[Source data]
▶

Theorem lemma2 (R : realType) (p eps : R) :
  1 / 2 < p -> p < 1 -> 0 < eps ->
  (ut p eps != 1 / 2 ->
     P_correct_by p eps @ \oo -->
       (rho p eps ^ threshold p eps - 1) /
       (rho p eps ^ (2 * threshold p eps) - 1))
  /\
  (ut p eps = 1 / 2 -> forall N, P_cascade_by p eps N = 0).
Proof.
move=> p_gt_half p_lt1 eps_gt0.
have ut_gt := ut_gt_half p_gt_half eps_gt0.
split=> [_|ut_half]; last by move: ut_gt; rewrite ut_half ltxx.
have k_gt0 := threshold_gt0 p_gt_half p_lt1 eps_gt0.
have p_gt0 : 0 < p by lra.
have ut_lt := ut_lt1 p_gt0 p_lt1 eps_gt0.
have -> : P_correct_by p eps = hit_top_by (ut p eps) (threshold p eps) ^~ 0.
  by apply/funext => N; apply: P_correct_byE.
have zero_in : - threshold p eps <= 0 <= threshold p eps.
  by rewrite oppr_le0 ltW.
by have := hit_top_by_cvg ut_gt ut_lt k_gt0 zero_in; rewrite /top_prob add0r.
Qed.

◀
▶

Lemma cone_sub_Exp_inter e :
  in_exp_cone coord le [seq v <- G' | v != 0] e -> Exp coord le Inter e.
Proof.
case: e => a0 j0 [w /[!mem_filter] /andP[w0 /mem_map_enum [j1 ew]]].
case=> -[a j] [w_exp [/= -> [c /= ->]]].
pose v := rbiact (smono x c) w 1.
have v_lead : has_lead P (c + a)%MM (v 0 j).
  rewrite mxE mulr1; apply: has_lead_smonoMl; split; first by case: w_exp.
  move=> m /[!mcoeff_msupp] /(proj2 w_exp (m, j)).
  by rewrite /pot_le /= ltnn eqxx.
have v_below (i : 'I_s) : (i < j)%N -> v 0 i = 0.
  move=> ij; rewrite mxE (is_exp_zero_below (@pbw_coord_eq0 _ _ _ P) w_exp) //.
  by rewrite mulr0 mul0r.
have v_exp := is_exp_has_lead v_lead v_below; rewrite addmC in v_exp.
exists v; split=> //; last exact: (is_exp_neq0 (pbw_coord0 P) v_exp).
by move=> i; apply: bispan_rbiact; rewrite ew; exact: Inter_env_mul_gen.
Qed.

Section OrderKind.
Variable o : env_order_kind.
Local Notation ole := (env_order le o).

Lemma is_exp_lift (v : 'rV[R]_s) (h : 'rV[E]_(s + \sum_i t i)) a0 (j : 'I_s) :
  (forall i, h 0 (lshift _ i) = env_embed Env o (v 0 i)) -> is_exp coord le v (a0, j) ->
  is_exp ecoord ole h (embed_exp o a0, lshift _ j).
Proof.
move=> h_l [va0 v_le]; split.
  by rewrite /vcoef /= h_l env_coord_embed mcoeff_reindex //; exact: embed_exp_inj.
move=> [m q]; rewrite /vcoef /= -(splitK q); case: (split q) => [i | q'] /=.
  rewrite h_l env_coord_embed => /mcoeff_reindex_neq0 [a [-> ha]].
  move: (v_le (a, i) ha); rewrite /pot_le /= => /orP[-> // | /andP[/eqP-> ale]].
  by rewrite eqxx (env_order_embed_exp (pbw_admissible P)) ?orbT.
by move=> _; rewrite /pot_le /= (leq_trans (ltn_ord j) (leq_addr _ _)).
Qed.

◀

> _Your assignment_
Which lines above contain the word "move"? Show each of them.

> _Task output_
move=> p_gt_half p_lt1 eps_gt0.
split=> [_|ut_half]; last by move: ut_gt; rewrite ut_half ltxx.
  move=> m /[!mcoeff_msupp] /(proj2 w_exp (m, j)).
  move=> ij; rewrite mxE (is_exp_zero_below (@pbw_coord_eq0 _ _ _ P) w_exp) //.
by move=> i; apply: bispan_rbiact; rewrite ew; exact: Inter_env_mul_gen.
move=> h_l [va0 v_le]; split.
move=> [m q]; rewrite /vcoef /= -(splitK q); case: (split q) => [i | q'] /=.
  move: (v_le (a, i) ha); rewrite /pot_le /= => /orP[-> // | /andP[/eqP-> ale]].
by move=> _; rewrite /pot_le /= (leq_trans (ltn_ord j) (leq_addr _ _)).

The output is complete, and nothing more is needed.